(Task):
Working from the records below, repeat exactly the lines starting at the line that contains "These intervals are" and ending at the line that contains "Lemma fib_gt0 n : 0 < n -> 0 < fib n.", inclusive.

(Data to use):
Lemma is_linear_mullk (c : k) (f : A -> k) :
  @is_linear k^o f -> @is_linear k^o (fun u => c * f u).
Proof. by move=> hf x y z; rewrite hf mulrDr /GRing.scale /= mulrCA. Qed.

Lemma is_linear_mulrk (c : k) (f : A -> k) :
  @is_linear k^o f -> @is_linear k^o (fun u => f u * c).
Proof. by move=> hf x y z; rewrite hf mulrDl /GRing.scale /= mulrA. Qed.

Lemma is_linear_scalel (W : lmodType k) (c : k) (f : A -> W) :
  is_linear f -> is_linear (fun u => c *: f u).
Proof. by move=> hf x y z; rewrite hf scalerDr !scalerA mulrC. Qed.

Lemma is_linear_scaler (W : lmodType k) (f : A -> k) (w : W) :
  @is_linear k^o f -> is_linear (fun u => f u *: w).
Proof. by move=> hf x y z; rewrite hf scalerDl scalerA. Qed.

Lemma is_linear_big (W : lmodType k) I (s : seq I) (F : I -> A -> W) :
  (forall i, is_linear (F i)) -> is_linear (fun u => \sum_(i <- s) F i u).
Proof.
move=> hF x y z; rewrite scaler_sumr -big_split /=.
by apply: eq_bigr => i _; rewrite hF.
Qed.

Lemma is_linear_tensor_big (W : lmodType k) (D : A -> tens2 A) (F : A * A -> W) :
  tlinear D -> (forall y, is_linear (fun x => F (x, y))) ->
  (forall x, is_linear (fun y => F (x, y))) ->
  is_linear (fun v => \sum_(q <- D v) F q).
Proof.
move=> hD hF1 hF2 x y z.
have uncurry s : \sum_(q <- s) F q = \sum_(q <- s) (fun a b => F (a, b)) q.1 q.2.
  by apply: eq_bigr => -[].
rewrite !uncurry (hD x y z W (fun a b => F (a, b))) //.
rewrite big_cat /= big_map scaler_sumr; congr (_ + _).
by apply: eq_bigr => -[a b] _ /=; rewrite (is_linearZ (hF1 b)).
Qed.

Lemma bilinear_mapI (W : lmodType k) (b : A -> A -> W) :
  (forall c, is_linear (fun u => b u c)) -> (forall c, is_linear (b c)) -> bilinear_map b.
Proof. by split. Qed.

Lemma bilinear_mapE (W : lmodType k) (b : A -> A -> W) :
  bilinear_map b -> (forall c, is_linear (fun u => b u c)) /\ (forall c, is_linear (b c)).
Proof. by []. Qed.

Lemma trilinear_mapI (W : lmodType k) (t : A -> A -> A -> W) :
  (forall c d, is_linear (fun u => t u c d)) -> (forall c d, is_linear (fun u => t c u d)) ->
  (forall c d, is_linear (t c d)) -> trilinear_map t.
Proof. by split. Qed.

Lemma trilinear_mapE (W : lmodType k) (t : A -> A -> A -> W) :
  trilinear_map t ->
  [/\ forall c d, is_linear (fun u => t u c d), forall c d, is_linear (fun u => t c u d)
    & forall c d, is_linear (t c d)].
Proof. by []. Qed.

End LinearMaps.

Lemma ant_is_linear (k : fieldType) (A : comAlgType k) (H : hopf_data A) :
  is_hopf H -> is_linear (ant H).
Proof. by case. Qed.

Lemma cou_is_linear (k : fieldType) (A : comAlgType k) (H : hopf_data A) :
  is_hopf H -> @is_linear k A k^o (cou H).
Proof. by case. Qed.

==

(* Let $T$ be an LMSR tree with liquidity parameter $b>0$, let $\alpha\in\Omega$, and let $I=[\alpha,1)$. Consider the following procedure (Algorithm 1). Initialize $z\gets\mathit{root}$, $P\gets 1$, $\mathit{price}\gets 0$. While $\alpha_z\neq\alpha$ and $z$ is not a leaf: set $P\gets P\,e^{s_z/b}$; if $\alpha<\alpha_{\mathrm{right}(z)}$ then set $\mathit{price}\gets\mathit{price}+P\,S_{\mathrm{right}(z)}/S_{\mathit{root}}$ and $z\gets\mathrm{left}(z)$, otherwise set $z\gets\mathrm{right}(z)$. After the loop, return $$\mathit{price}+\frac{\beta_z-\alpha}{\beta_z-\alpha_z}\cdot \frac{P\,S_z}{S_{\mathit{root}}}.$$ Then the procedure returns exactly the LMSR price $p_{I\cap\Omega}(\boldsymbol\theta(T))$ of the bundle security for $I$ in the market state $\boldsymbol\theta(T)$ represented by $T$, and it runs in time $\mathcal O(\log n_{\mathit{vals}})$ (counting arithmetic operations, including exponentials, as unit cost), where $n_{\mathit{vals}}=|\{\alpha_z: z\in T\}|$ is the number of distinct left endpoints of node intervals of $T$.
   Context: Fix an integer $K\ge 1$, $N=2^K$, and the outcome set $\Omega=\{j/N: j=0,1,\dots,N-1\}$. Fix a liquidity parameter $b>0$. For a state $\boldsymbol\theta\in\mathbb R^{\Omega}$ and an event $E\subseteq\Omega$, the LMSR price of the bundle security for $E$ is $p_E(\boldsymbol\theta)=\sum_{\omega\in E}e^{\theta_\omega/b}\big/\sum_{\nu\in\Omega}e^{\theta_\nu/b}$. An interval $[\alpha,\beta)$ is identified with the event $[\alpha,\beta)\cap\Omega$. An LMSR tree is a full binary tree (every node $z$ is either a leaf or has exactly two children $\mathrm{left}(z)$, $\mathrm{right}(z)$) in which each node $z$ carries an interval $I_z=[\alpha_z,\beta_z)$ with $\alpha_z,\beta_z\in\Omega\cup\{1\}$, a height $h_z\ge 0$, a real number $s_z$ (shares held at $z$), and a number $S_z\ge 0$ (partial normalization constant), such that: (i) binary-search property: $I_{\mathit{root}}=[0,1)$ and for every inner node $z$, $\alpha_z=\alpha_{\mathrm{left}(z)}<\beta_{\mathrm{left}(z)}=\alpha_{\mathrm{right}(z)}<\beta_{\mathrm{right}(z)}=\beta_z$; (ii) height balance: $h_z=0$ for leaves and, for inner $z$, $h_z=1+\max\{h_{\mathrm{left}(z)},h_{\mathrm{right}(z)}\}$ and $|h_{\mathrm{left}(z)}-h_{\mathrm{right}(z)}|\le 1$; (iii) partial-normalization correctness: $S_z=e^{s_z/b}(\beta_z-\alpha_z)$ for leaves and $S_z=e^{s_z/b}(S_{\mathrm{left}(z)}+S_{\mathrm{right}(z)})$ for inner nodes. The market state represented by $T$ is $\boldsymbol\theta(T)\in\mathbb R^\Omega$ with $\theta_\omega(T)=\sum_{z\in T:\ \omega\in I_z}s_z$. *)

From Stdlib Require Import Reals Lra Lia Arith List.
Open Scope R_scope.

---

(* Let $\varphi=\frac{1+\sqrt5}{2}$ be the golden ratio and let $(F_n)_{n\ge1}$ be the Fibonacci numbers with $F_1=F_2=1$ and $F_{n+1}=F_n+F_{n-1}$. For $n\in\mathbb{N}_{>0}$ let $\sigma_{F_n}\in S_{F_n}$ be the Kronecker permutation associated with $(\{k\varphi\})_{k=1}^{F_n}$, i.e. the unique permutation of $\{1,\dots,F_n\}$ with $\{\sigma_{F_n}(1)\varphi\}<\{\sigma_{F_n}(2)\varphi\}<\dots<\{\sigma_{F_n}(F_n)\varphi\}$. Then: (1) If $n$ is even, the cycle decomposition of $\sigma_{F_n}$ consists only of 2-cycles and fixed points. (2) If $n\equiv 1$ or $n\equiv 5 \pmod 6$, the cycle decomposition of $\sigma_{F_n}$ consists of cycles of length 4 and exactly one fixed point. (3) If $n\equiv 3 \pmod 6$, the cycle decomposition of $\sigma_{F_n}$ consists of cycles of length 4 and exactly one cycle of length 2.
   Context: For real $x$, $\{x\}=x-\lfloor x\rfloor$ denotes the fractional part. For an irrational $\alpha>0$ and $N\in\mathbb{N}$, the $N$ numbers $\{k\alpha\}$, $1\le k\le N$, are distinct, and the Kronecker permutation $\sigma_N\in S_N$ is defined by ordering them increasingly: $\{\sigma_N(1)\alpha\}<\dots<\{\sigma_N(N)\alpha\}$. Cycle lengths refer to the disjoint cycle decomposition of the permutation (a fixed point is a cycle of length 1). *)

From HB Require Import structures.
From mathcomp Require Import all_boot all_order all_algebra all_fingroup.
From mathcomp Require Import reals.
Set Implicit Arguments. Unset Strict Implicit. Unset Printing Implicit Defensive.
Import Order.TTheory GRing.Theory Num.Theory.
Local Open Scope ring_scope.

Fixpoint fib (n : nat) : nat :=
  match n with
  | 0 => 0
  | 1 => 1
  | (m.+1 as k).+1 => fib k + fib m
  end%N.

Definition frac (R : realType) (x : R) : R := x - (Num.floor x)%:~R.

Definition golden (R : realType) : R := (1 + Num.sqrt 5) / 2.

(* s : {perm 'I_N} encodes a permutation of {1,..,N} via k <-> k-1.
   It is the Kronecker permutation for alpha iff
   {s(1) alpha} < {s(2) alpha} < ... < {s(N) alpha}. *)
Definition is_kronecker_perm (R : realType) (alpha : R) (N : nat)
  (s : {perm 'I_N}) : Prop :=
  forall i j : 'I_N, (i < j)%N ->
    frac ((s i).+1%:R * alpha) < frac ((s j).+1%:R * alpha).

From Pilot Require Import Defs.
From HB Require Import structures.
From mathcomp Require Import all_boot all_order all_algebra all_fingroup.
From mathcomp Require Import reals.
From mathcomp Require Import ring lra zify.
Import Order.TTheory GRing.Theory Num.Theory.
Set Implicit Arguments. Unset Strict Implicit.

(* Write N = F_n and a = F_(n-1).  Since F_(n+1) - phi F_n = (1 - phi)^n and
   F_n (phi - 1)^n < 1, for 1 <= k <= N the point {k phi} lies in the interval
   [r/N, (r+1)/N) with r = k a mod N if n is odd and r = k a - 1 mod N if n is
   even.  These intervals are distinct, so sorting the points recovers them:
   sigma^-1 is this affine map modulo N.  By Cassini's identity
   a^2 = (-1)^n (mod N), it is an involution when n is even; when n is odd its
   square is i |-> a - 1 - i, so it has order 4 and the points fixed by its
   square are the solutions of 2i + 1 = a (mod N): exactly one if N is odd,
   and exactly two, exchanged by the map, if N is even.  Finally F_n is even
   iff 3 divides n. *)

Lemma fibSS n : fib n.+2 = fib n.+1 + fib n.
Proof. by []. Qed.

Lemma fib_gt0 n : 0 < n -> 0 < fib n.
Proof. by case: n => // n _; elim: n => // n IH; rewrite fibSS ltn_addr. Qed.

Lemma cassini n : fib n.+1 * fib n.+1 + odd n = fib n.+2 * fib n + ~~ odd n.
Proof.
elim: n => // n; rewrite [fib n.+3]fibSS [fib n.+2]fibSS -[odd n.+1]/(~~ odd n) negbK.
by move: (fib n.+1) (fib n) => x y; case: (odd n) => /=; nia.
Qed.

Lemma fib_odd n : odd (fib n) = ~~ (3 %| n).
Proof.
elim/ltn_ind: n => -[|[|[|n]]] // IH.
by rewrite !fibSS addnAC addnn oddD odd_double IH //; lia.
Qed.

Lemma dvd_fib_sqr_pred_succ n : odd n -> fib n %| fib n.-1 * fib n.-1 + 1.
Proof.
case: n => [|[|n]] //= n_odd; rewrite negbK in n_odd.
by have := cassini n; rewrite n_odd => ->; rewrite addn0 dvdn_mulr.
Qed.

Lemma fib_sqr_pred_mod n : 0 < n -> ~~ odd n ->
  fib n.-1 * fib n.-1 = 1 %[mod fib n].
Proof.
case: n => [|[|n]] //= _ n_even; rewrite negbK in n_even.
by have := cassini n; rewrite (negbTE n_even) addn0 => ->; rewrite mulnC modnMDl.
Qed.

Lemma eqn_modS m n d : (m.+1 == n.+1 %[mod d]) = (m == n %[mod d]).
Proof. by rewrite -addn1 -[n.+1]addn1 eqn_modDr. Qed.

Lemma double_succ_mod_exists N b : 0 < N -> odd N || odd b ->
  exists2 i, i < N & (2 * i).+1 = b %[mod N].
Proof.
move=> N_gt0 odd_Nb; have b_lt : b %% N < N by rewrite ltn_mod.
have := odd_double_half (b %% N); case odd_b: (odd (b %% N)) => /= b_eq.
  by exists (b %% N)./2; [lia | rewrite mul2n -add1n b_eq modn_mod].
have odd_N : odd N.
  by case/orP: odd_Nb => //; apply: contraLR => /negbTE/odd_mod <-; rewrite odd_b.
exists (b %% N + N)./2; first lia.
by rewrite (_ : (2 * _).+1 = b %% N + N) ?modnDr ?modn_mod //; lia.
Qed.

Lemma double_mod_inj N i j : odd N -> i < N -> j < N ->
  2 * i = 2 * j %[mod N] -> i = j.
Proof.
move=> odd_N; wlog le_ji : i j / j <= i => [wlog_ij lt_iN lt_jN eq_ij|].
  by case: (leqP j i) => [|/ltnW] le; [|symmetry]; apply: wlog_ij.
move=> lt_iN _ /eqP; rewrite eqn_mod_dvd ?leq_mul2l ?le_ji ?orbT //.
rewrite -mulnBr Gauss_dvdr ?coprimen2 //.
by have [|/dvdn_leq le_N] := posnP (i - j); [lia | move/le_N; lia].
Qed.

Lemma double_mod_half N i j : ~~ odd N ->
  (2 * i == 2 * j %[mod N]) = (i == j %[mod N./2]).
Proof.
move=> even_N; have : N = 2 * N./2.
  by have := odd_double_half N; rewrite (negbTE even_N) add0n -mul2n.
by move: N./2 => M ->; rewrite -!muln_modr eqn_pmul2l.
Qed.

(Task output):
   even.  These intervals are distinct, so sorting the points recovers them:
   sigma^-1 is this affine map modulo N.  By Cassini's identity
   a^2 = (-1)^n (mod N), it is an involution when n is even; when n is odd its
   square is i |-> a - 1 - i, so it has order 4 and the points fixed by its
   square are the solutions of 2i + 1 = a (mod N): exactly one if N is odd,
   and exactly two, exchanged by the map, if N is even.  Finally F_n is even
   iff 3 divides n. *)

Lemma fibSS n : fib n.+2 = fib n.+1 + fib n.
Proof. by []. Qed.

Lemma fib_gt0 n : 0 < n -> 0 < fib n.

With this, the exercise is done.